__Work item__.
Below are some records; quote exactly the lines from the one that contains "forall (l : seq" through the one that contains "Definition boundary (A", inclusive, and no others.

++++++++++++++++++++

(* Let $N\geq 3$ and let $\Omega\subset\mathbb{R}^N$ be a smooth bounded domain. Let $p\in C^{0,\alpha}(\overline{\Omega})$ (for some $0<\alpha<1$) be non-negative, and let $f:[0,\infty)\to[0,\infty)$ be a non-decreasing function with $f\in C^{0,\alpha}_{\rm loc}[0,\infty)$, $f(0)=0$, $f>0$ on $(0,\infty)$, and $\Lambda:=\sup_{s\geq 1} f(s)/s<\infty$. Then the problem $$\Delta u+|\nabla u|=p(x)f(u)\ \text{ in }\Omega,\qquad u\geq 0\ \text{ in }\Omega,$$ has no positive large solution in $\Omega$, i.e. there is no positive (classical) solution $u$ with $u(x)\to\infty$ as $\operatorname{dist}(x,\partial\Omega)\to 0$.
   Context: A large (explosive, blow-up) solution of the problem in a bounded domain $\Omega$ is a solution $u$ with $u(x)\to\infty$ as $\operatorname{dist}(x,\partial\Omega)\to0$. *)

From HB Require Import structures.
From mathcomp Require Import all_boot all_order all_algebra.
From mathcomp Require Import all_classical all_reals all_analysis.
Set Implicit Arguments. Unset Strict Implicit. Unset Printing Implicit Defensive.
Import Order.TTheory GRing.Theory Num.Theory.
Import numFieldNormedType.Exports.
Local Open Scope classical_set_scope.
Local Open Scope ring_scope.

Section Defs.
Variables (R : realType) (N : nat).
Local Notation V := 'rV[R]_N.

Definition dotv (x y : V) : R := \sum_(i < N) x 0 i * y 0 i.
Definition enorm (x : V) : R := Num.sqrt (dotv x x).
Definition edist (x y : V) : R := enorm (x - y).

Definition evec (i : 'I_N) : V := \row_(j < N) (i == j)%:R.
Definition partial (i : 'I_N) (g : V -> R) : V -> R := fun x => 'D_(evec i) g x.

Definition iter_partial (l : seq 'I_N) (g : V -> R) : V -> R :=
  foldr (fun i h => partial i h) g l.

Definition smooth (g : V -> R) : Prop :=
  forall (l : seq 'I_N) (x : V), differentiable (iter_partial l g) x.

Definition C2_on (A : set V) (u : V -> R) : Prop :=
  forall x, A x ->
    differentiable u x /\
    (forall i, differentiable (partial i u) x) /\
    (forall i j, {for x, continuous (partial j (partial i u))}).

Definition laplacian (u : V -> R) (x : V) : R :=
  \sum_(i < N) partial i (partial i u) x.
Definition grad_norm (u : V -> R) (x : V) : R :=
  Num.sqrt (\sum_(i < N) (partial i u x) ^+ 2).

Definition boundary (A : set V) : set V := closure A `\` A.

(* smooth bounded domain: open, connected, nonempty, bounded, and locally the
   boundary is the graph of a C^infinity function over a hyperplane nu^perp
   (nu a unit vector; gamma evaluated on the projection onto nu^perp) with the
   domain lying on one side. *)
Definition smooth_bounded_domain (A : set V) : Prop :=
  [/\ open A, connected A, A !=set0, bounded_set A &
   forall x0, boundary A x0 ->
     exists r : R, 0 < r /\
     exists nu : V, dotv nu nu = 1 /\
     exists gamma : V -> R, smooth gamma /\
       forall x, edist x x0 < r ->
         (A x <-> gamma (x - dotv x nu *: nu) < dotv x nu)].

Definition holder_on (a : R) (A : set V) (g : V -> R) : Prop :=
  exists C : R, forall x y, A x -> A y -> `|g x - g y| <= C * (edist x y) `^ a.

(* u(x) -> +oo as dist(x, boundary A) -> 0 (dist < d  <=>  some boundary point
   at Euclidean distance < d) *)
Definition blows_up_at_boundary (A : set V) (u : V -> R) : Prop :=
  forall M : R, exists d : R, 0 < d /\
    forall x, A x -> (exists y, boundary A y /\ edist x y < d) -> M < u x.

End Defs.

Definition holder_loc_nonneg (R : realType) (a : R) (f : R -> R) : Prop :=
  forall M : R, 0 < M -> exists C : R, forall s t, 0 <= s <= M -> 0 <= t <= M ->
    `|f s - f t| <= C * `|s - t| `^ a.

++++++++++++++++++++

__Completed exercise__.
  forall (l : seq 'I_N) (x : V), differentiable (iter_partial l g) x.

Definition C2_on (A : set V) (u : V -> R) : Prop :=
  forall x, A x ->
    differentiable u x /\
    (forall i, differentiable (partial i u) x) /\
    (forall i j, {for x, continuous (partial j (partial i u))}).

Definition laplacian (u : V -> R) (x : V) : R :=
  \sum_(i < N) partial i (partial i u) x.
Definition grad_norm (u : V -> R) (x : V) : R :=
  Num.sqrt (\sum_(i < N) (partial i u x) ^+ 2).

Definition boundary (A : set V) : set V := closure A `\` A.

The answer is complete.